Im still trying to wrap my head around the fact that we are talking about preschoolers.

You would think this thread was about Junior highschoolers. YIKES!

My 3 year old had NO friends at his party. Im pretty sure he didnt notice. lol


----------



## mama1803 (Mar 4, 2008)

Quote:


> Originally Posted by *oaktreemama*
> 
> Oh Mama. You stepped way over the line here. They didn't invite everyone. It wasn't as if your DD was the only one excluded. The email you sent after the first email was inappropriate at best. You do not get to lecture people on inclusion and you certainly should not send links to articles talking about mean parents make mean kids. And to continue on about how "gracious" you will be to still include their son?

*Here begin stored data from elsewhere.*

(* The filtration $F^\bullet(A/\!/E(1))_*$ is multiplicative: $F^i(A/\!/E(1))_*\cdot F^j(A/\!/E(1))_*\subseteq F^{i+j}(A/\!/E(1))_*$ for all $i,j$. Thus the associated graded $E^0(A/\!/E(1))_*=\bigoplus_jF^j/F^{j+1}$ is an $E(2)_*$-comodule algebra.
   Context: Let $p$ be an odd prime. In the mod $p$ dual Steenrod algebra let $\zeta_n,\overline{\tau}_n$ be the conjugates of Milnor's $\xi_n,\tau_n$. Let $(A/\!/E(1))_*=\mathbb{F}_p[\zeta_1,\zeta_2,\ldots]\otimes E(\overline{\tau}_2,\overline{\tau}_3,\ldots)$ and $(A/\!/E(2))_*=\mathbb{F}_p[\zeta_1,\ldots]\otimes E(\overline{\tau}_3,\ldots)$, comodule algebras over $E(2)_*=E(\overline{\tau}_0,\overline{\tau}_1,\overline{\tau}_2)$ via the coproduct of the dual Steenrod algebra. Weight: $\mathrm{wt}(\zeta_k)=\mathrm{wt}(\overline{\tau}_k)=p^k$, additive on products. Every monomial of $(A/\!/E(1))_*$ is uniquely $m\overline{\tau}_2^{\epsilon}$ with $m$ a monomial of $(A/\!/E(2))_*$ and $\epsilon\in\{0,1\}$. Let $F^j(A/\!/E(1))_*$ be the span of the monomials $m\overline{\tau}_2^\epsilon$ with $\mathrm{wt}(m)\geq pj$ (equivalently $F^j=\kappa^{-1}(\bigoplus_{k\ge j}M_2(k)\otimes E(\overline{\tau}_2))$ where $\kappa(m\overline{\tau}_2^\epsilon)=m\otimes\overline{\tau}_2^\epsilon$ and $M_2(k)$ is the span of monomials of $(A/\!/E(2))_*$ of weight $pk$); this is a decreasing filtration by $E(2)_*$-subcomodules. *)

From HB Require Import structures.
From mathcomp Require Import all_boot all_order all_algebra.
From mathcomp Require Import finmap.
Set Implicit Arguments. Unset Strict Implicit. Unset Printing Implicit Defensive.
Import GRing.Theory.
Local Open Scope fset_scope.

(* Concrete model of (A//E(1))_* = F_p[zeta_1,zeta_2,...] (x) E(taubar_2,taubar_3,...).
   A monomial is a pair (z, T):
   - z : finitely supported exponent map; z k is the exponent of zeta_{k+1};
   - T : finite set of indices; k \in T means taubar_{k+2} occurs
     (exterior generators, written in increasing order of index).
   So k = 0 in T is taubar_2; the monomial m taubar_2^eps of the paper has
   m = (z, T :\ 0) and eps = (0 \in T). *)
Definition Mon : Type := ({fsfun nat -> nat for fun => 0%N} * {fset nat})%type.

Definition zmul (z1 z2 : {fsfun nat -> nat for fun => 0%N})
  : {fsfun nat -> nat for fun => 0%N} :=
  [fsfun k in (finsupp z1 `|` finsupp z2) => (z1 k + z2 k)%N].

(* weight of the (A//E(2))_*-part m of a monomial m taubar_2^eps:
   wt(zeta_k) = wt(taubar_k) = p^k, additive, taubar_2 excluded. *)
Definition wtE2 (p : nat) (m : Mon) : nat :=
  (\sum_(k <- finsupp m.1) m.1 k * p ^ k.+1
   + \sum_(k <- m.2 | k != 0%N) p ^ k.+2)%N.

(* number of transpositions needed to merge two increasing exterior words *)
Definition ninv (S T : {fset nat}) : nat :=
  (\sum_(s <- S) \sum_(t <- T) (t < s))%N.

(* Elements of the algebra: formal F_p-linear combinations of monomials,
   identified through their coefficient functions [coef]. *)
Definition Elt (p : nat) : Type := seq ('F_p * Mon).

Definition coef (p : nat) (x : Elt p) (w : Mon) : 'F_p :=
  (\sum_(c <- x | c.2 == w) c.1)%R.

(* graded-commutative product: zeta's central (even degree), taubar's
   anticommute and square to zero (odd degree). *)
Definition Amul (p : nat) (x y : Elt p) : Elt p :=
  flatten [seq (if (a.2.2 `&` b.2.2 == fset0)
                then [:: (((-1) ^+ ninv a.2.2 b.2.2 * a.1 * b.1)%R,
                          (zmul a.2.1 b.2.1, a.2.2 `|` b.2.2))]
                else [::])
          | a <- x, b <- y].

(* F^j (A//E(1))_* : span of the monomials m taubar_2^eps with wt(m) >= p j,
   i.e. elements all of whose monomials with nonzero coefficient qualify. *)
Definition AinF (p j : nat) (x : Elt p) : Prop :=
  forall w : Mon, coef x w != 0%R -> (p * j <= wtE2 p w)%N.
Arguments AinF : clear implicits.
Arguments Amul : clear implicits.

(* The coefficient of a monomial w in x * y is a sum, over pairs (u, v) of
   monomials occurring in x and y whose product is +-w, of coef x u * coef y v.
   The weight is additive on such products: the zeta-exponents add and the
   taubar-sets are disjoint.  So every w occurring in x * y has weight at
   least p i + p j. *)
From mathcomp Require Import all_boot all_order all_algebra.
From mathcomp Require Import finmap.

Set Implicit Arguments.
Unset Strict Implicit.
Unset Printing Implicit Defensive.
Import GRing.Theory.
Local Open Scope fset_scope.

Lemma big_fsetU_disjoint (R : Type) (idx : R) (op : Monoid.com_law idx)
    (I : choiceType) (A B : {fset I}) (P : pred I) (F : I -> R) :
  A `&` B = fset0 ->
  \big[op/idx]_(i <- A `|` B | P i) F i =
    op (\big[op/idx]_(i <- A | P i) F i) (\big[op/idx]_(i <- B | P i) F i).
Proof.
move=> /fsetP disAB; rewrite -big_cat; apply: perm_big; apply: uniq_perm.
- exact: fset_uniq.
- rewrite cat_uniq !fset_uniq /= andbT; apply/hasPn => k kB.
  by apply/negP => kA; move: (disAB k); rewrite !inE kA kB.
- by move=> k; rewrite mem_cat !inE.
Qed.

Lemma sum_finsupp_incl (z : {fsfun nat -> nat for fun => 0%N}) (B : {fset nat})
    (c : nat -> nat) :
  finsupp z `<=` B ->
  (\sum_(k <- finsupp z) z k * c k = \sum_(k <- B) z k * c k)%N.
Proof. by move=> zB; apply: big_fset_incl => // k _ kNz; rewrite fsfun_dflt. Qed.

Lemma sum_finsupp_zmul (z1 z2 : {fsfun nat -> nat for fun => 0%N}) (c : nat -> nat) :
  (\sum_(k <- finsupp (zmul z1 z2)) zmul z1 z2 k * c k =
   \sum_(k <- finsupp z1) z1 k * c k + \sum_(k <- finsupp z2) z2 k * c k)%N.
Proof.
set B := finsupp z1 `|` finsupp z2.
have zB : finsupp (zmul z1 z2) `<=` B.
  by apply/fsubsetP => k; rewrite mem_finsupp /zmul fsfunE; case: ifP.
rewrite (@sum_finsupp_incl _ B _ zB) (@sum_finsupp_incl z1 B) ?fsubsetUl //.
rewrite (@sum_finsupp_incl z2 B) ?fsubsetUr // -big_split big_seq [RHS]big_seq.
by apply: eq_bigr => k kB; rewrite /zmul fsfunE kB mulnDl.
Qed.

Lemma wtE2_mul p (u v : Mon) : u.2 `&` v.2 = fset0 ->
  wtE2 p (zmul u.1 v.1, u.2 `|` v.2) = (wtE2 p u + wtE2 p v)%N.
Proof.
by move=> disuv; rewrite /wtE2 /= sum_finsupp_zmul big_fsetU_disjoint //= addnACA.
Qed.

Definition mulmon_coef (p : nat) (w u v : Mon) : 'F_p :=
  if (u.2 `&` v.2 == fset0) && ((zmul u.1 v.1, u.2 `|` v.2) == w)
  then ((-1) ^+ ninv u.2 v.2)%R else 0%R.

Lemma coef_Amul p (x y : Elt p) (w : Mon) :
  coef (Amul p x y) w =
  (\sum_(a <- x) \sum_(b <- y) mulmon_coef p w a.2 b.2 * a.1 * b.1)%R.
Proof.
rewrite /coef /Amul big_flatten /= big_allpairs_dep /=.
apply: eq_bigr => a _; apply: eq_bigr => b _; rewrite /mulmon_coef.
case: ifP => _; last by rewrite big_nil /= !mul0r.
by rewrite big_cons big_nil addr0 /=; case: eqP => //= _; rewrite !mul0r.
Qed.

Lemma big_entries_coef p (s : Elt p) (G : Mon -> 'F_p) :
  (\sum_(a <- s) G a.2 * a.1 = \sum_(u <- undup (unzip2 s)) G u * coef s u)%R.
Proof.
rewrite /coef; under [RHS]eq_bigr => u _ do rewrite mulr_sumr big_mkcond /=.
rewrite exchange_big /= big_seq [RHS]big_seq; apply: eq_bigr => a ain.
rewrite (bigD1_seq a.2) ?undup_uniq ?mem_undup ?map_f //= eqxx big1 ?addr0 //.
by move=> u /negPf ua; rewrite eq_sym ua.
Qed.

Lemma coef_Amul_monomials p (x y : Elt p) (w : Mon) :
  coef (Amul p x y) w =
  (\sum_(u <- undup (unzip2 x)) \sum_(v <- undup (unzip2 y))
      mulmon_coef p w u v * coef y v * coef x u)%R.
Proof.
rewrite coef_Amul.
transitivity (\sum_(a <- x) (\sum_(v <- undup (unzip2 y))
                 mulmon_coef p w a.2 v * coef y v) * a.1)%R.
  apply: eq_bigr => a _; rewrite -big_entries_coef mulr_suml.
  by apply: eq_bigr => b _; rewrite mulrAC.
rewrite (big_entries_coef x (fun u =>
  \sum_(v <- undup (unzip2 y)) mulmon_coef p w u v * coef y v)%R).
by apply: eq_bigr => u _; rewrite mulr_suml.
Qed.

Lemma coef_Amul_neq0 p (x y : Elt p) (R : pred Mon) :
  (forall u v, coef x u != 0%R -> coef y v != 0%R -> u.2 `&` v.2 = fset0 ->
     R (zmul u.1 v.1, u.2 `|` v.2)) ->
  forall w, coef (Amul p x y) w != 0%R -> R w.
Proof.
move=> Rprod w; apply: contraNT => NRw; rewrite coef_Amul_monomials.
apply/eqP/big1 => u _; apply/big1 => v _.
have [->|xu] := eqVneq (coef x u) 0%R; first by rewrite mulr0.
have [->|yv] := eqVneq (coef y v) 0%R; first by rewrite mulr0 mul0r.
rewrite /mulmon_coef; case: ifP => [/andP[/eqP disuv /eqP ew]|]; last by rewrite !mul0r.
by move: NRw; rewrite -ew Rprod.
Qed.

Theorem mainTheorem15 (p : nat) (p_prime : prime p) (p_odd : odd p)
  (i j : nat) (x y : Elt p) :
  AinF p i x -> AinF p j y -> AinF p (i + j) (Amul p x y).
Proof.
move=> xFi yFj; apply: (coef_Amul_neq0 (R := fun w => p * (i + j) <= wtE2 p w)).
by move=> u v xu yv disuv; rewrite /= wtE2_mul // mulnDr leq_add ?xFi ?yFj.
Qed.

Oh my goodness. I wouldn't be expecting them to accept any invitations from you or your DD in the future.
> 
> I think you really need to look at your reaction to all of this and reassess your own behavior before even thinking of critiquing someone else's.


----------



## Lasater (Jan 27, 2008)

Hmmm. I'm not sure you took the "high road" afterall.


----------



## darjeelingmomma (Jan 29, 2011)

Okay, I am a little hesitant to throw in my two cents here being new to the boards and all, but reading this entire thread gave me a very strong reaction. Honest? What a totally avoidable and ridiculous situation. BabyA'sMom, if you are still reading, I'm sending you a hug, I feel for you because you obviously felt so strongly for your daughter and felt so badly that she may be emotionally hurt by this, but again, honestly? She's four, not fourteen and trust me school and peers just get more and more brutal from here on. I don't know your daughter or situation but I am betting that this would have all blown over and been forgotten with just a little redirection. Now this is a memory bore into her little mind and the minds of others.

The point you made in number 5 ... meh. On the outside looking in here you didn't build a nicer community as a result.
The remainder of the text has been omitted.